(* Let $O$ be a set of Boolean functions, $\textsc{prop}$ a finite set of propositional variables, and $p$ a propositional variable. Then $\mathrm{PL}_O[\textsc{prop}]\leq_{pc}\mathrm{ML}_{O\cup\{\Diamond\}}[\{p\}]$ and $\mathrm{PL}_O[\textsc{prop}]\leq_{pc}\mathrm{ML}_{O\cup\{\Box\}}[\{p\}]$.
   Context: $\mathrm{PL}_O[\textsc{prop}]$ is the set of propositional formulas $\phi::=x\mid f(\phi_1,\dots,\phi_n)$ with $x\in\textsc{prop}$ and $f\in O$, viewed as a concept class with examples the truth assignments $V:\textsc{prop}\to\{0,1\}$ and $\lambda(\phi)$ the set of satisfying assignments. $\mathrm{ML}_{O\cup\{\Diamond\}}[\{p\}]$ is the set of modal formulas $\phi::=p\mid f(\phi_1,\dots,\phi_n)\mid\Diamond\phi$ with $f\in O$ (Boolean functions interpreted pointwise), and similarly with $\Box$; it is viewed as a concept class whose examples are pointed finite Kripke models $(M,w)$ and $\lambda(\phi)=\{(M,w)\mid M,w\models\phi\}$. For concept classes $\mathcal{C}_i=(C_i,E_i,\lambda_i)$, $\mathcal{C}_1\leq_{pc}\mathcal{C}_2$ means there are $f:C_1\to C_2$ and $h:E_1\to E_2$ such that (i) for all $c\in C_1,e\in E_1$: $e\in\lambda_1(c)$ iff $h(e)\in\lambda_2(f(c))$; and (ii) for each $e\in E_2$, either $e\in\lambda_2(f(c))$ for all $c\in C_1$, or for no $c\in C_1$, or there is $e'\in E_1$ with $\{c\mid e\in\lambda_2(f(c))\}=\{c\mid e'\in\lambda_1(c)\}$. *)

From mathcomp Require Import all_boot.
Set Implicit Arguments. Unset Strict Implicit. Unset Printing Implicit Defensive.

(** Concept classes (C, E, lambda): lambda c is the set of examples of c. *)
Record concept_class := ConceptClass {
  cc_C : Type;
  cc_E : Type;
  cc_lam : cc_C -> cc_E -> Prop }.

(** Polynomial(-free) concept reduction  C1 <=_pc C2 . Set equality
    {c | e in lam2 (f c)} = {c | e' in lam1 c} is stated pointwise. *)
Definition pc_reducible (K1 K2 : concept_class) : Prop :=
  exists (f : cc_C K1 -> cc_C K2) (h : cc_E K1 -> cc_E K2),
    (forall (c : cc_C K1) (e : cc_E K1), cc_lam c e <-> cc_lam (f c) (h e)) /\
    (forall e : cc_E K2,
        (forall c : cc_C K1, cc_lam (f c) e) \/
        (forall c : cc_C K1, ~ cc_lam (f c) e) \/
        (exists e' : cc_E K1, forall c : cc_C K1, cc_lam (f c) e <-> cc_lam c e')).

Definition bfun : Type := {n : nat & ('I_n -> bool) -> bool}.
Definition bf_arity (f : bfun) : nat := projT1 f.
Definition bf_eval (f : bfun) : ('I_(bf_arity f) -> bool) -> bool := projT2 f.

Inductive pform (O : bfun -> Prop) (P : Type) : Type :=
| PVar : P -> pform O P
| PFun : forall f : bfun, O f -> ('I_(bf_arity f) -> pform O P) -> pform O P.

Fixpoint peval (O : bfun -> Prop) (P : Type) (V : P -> bool) (phi : pform O P) : bool :=
  match phi with
  | PVar x => V x
  | PFun f _ args => bf_eval (fun i => peval V (args i))
  end.

Definition PL (O : bfun -> Prop) (P : finType) : concept_class :=
  @ConceptClass (pform O P) (P -> bool) (fun phi V => peval V phi = true).

Inductive modality := Dia | Box.

Inductive mform (O : bfun -> Prop) (m : modality) : Type :=
| MVar_p : mform O m
| MFun : forall f : bfun, O f -> ('I_(bf_arity f) -> mform O m) -> mform O m
| MMod : mform O m -> mform O m.

Record kmodel := KModel {
  kW :> finType;
  kR : rel kW;
  kVp : kW -> bool }.

Definition pointed_model : Type := {M : kmodel & kW M}.

Fixpoint msat (O : bfun -> Prop) (m : modality) (M : kmodel) (w : kW M)
  (phi : mform O m) {struct phi} : bool :=
  match phi with
  | MVar_p => kVp w
  | MFun f _ args => bf_eval (fun i => msat w (args i))
  | MMod psi =>
      match m with
      | Dia => [exists v : kW M, kR w v && msat v psi]
      | Box => [forall v : kW M, kR w v ==> msat v psi]
      end
  end.

Definition ML (O : bfun -> Prop) (m : modality) : concept_class :=
  @ConceptClass (mform O m) pointed_model
    (fun phi e => msat (projT2 e) phi = true).

From Stdlib Require Import FunctionalExtensionality.
From mathcomp Require Import all_boot.
Set Implicit Arguments. Unset Strict Implicit. Unset Printing Implicit Defensive.

(* Enumerate prop as x_0, ..., x_(n-1) and translate a propositional formula by
   substituting the modal formula M^i p (M = Diamond or Box) for x_i.  A
   valuation V becomes the chain 0 -> 1 -> ... -> n with p true at world i iff
   V x_i holds; at world 0, M^i p holds iff V x_i does, so the translation
   preserves truth.  Conversely, at any pointed model (M, w) every translated
   formula is evaluated as the original one under the valuation
   x_i |-> [M, w |= M^i p], which is the second condition of <=_pc. *)

Section Substitution.

Variables (O : bfun -> Prop) (P : Type) (m : modality) (t : P -> mform O m).

Fixpoint subst_pform (phi : pform O P) : mform O m :=
  match phi with
  | PVar x => t x
  | PFun _ Of args => MFun Of (fun i => subst_pform (args i))
  end.

Lemma msat_subst_pform (M : kmodel) (w : M) (phi : pform O P) :
  msat w (subst_pform phi) = peval (fun x => msat w (t x)) phi.
Proof.
elim: phi => [x|f Of args IHargs] //=.
by congr bf_eval; apply: functional_extensionality => i; apply: IHargs.
Qed.

End Substitution.

Lemma pc_reducible_subst (O : bfun -> Prop) (P : finType) (m : modality)
    (t : P -> mform O m) (h : (P -> bool) -> pointed_model) :
  (forall (V : P -> bool) (x : P), msat (projT2 (h V)) (t x) = V x) ->
  pc_reducible (PL O P) (ML O m).
Proof.
move=> h_realizes; exists (subst_pform t), h; split.
- move=> phi V /=; rewrite msat_subst_pform.
  suff -> : (fun x => msat (projT2 (h V)) (t x)) = V by [].
  by apply: functional_extensionality => x; apply: h_realizes.
- move=> [M w]; right; right; exists (fun x => msat w (t x)) => phi /=.
  by rewrite msat_subst_pform.
Qed.

Lemma msat_MMod_unique_succ (O : bfun -> Prop) (m : modality) (M : kmodel)
    (w s : M) (psi : mform O m) :
  (forall v, kR w v = (v == s)) -> msat w (MMod psi) = msat s psi.
Proof.
move=> succ_w; case: m psi => psi /=.
- apply/existsP/idP => [[v]|sat_s]; first by rewrite succ_w => /andP[/eqP-> ->].
  by exists s; rewrite succ_w eqxx.
- apply/forallP/idP => [/(_ s)|sat_s v]; first by rewrite succ_w eqxx.
  by rewrite succ_w; apply/implyP => /eqP->.
Qed.

Definition iter_MMod_p (O : bfun -> Prop) (m : modality) (k : nat) : mform O m :=
  iter k (@MMod O m) (MVar_p O m).

Definition chain_model (N : nat) (g : nat -> bool) : kmodel :=
  @KModel 'I_N.+1 (fun i j => val j == (val i).+1) (fun i => g (val i)).

Lemma msat_iter_MMod_chain (O : bfun -> Prop) (m : modality) (N : nat)
    (g : nat -> bool) (k : nat) (i : 'I_N.+1) :
  i + k <= N -> msat (M := chain_model N g) i (iter_MMod_p O m k) = g (i + k).
Proof.
elim: k i => [|k IHk] i ik_le_N; first by rewrite addn0.
have i_lt_N : i < N by apply: leq_trans ik_le_N; rewrite addnS ltnS leq_addr.
pose s : 'I_N.+1 := Ordinal (i_lt_N : i.+1 < N.+1).
rewrite [iter_MMod_p _ _ _]/= (@msat_MMod_unique_succ _ _ (chain_model N g) i s).
  by rewrite IHk /= addSnnS.
by move=> v; apply/eqP/eqP => [v_eq|->]; first exact: val_inj.
Qed.

Lemma pc_reducible_PL_ML (O : bfun -> Prop) (P : finType) (m : modality) :
  pc_reducible (PL O P) (ML O m).
Proof.
pose n := size (enum P).
apply: (@pc_reducible_subst O P m (fun x => iter_MMod_p O m (index x (enum P)))
          (fun V => existT _ (chain_model n (nth false (map V (enum P)))) ord0)).
move=> V x /=.
have x_lt_n : index x (enum P) < n by rewrite index_mem mem_enum.
rewrite msat_iter_MMod_chain /= ?add0n ?(ltnW x_lt_n) //.
by rewrite (nth_map x) // nth_index ?mem_enum.
Qed.

Theorem lemmaB4 (O : bfun -> Prop) (P : finType) :
  pc_reducible (PL O P) (ML O Dia) /\ pc_reducible (PL O P) (ML O Box).
Proof. by split; apply: pc_reducible_PL_ML. Qed.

-=-=-=-=-

### REQUIREMENT
If a line in the material contains "IHargs", show it.

### ANSWER AREA
elim: phi => [x|f Of args IHargs] //=.
by congr bf_eval; apply: functional_extensionality => i; apply: IHargs.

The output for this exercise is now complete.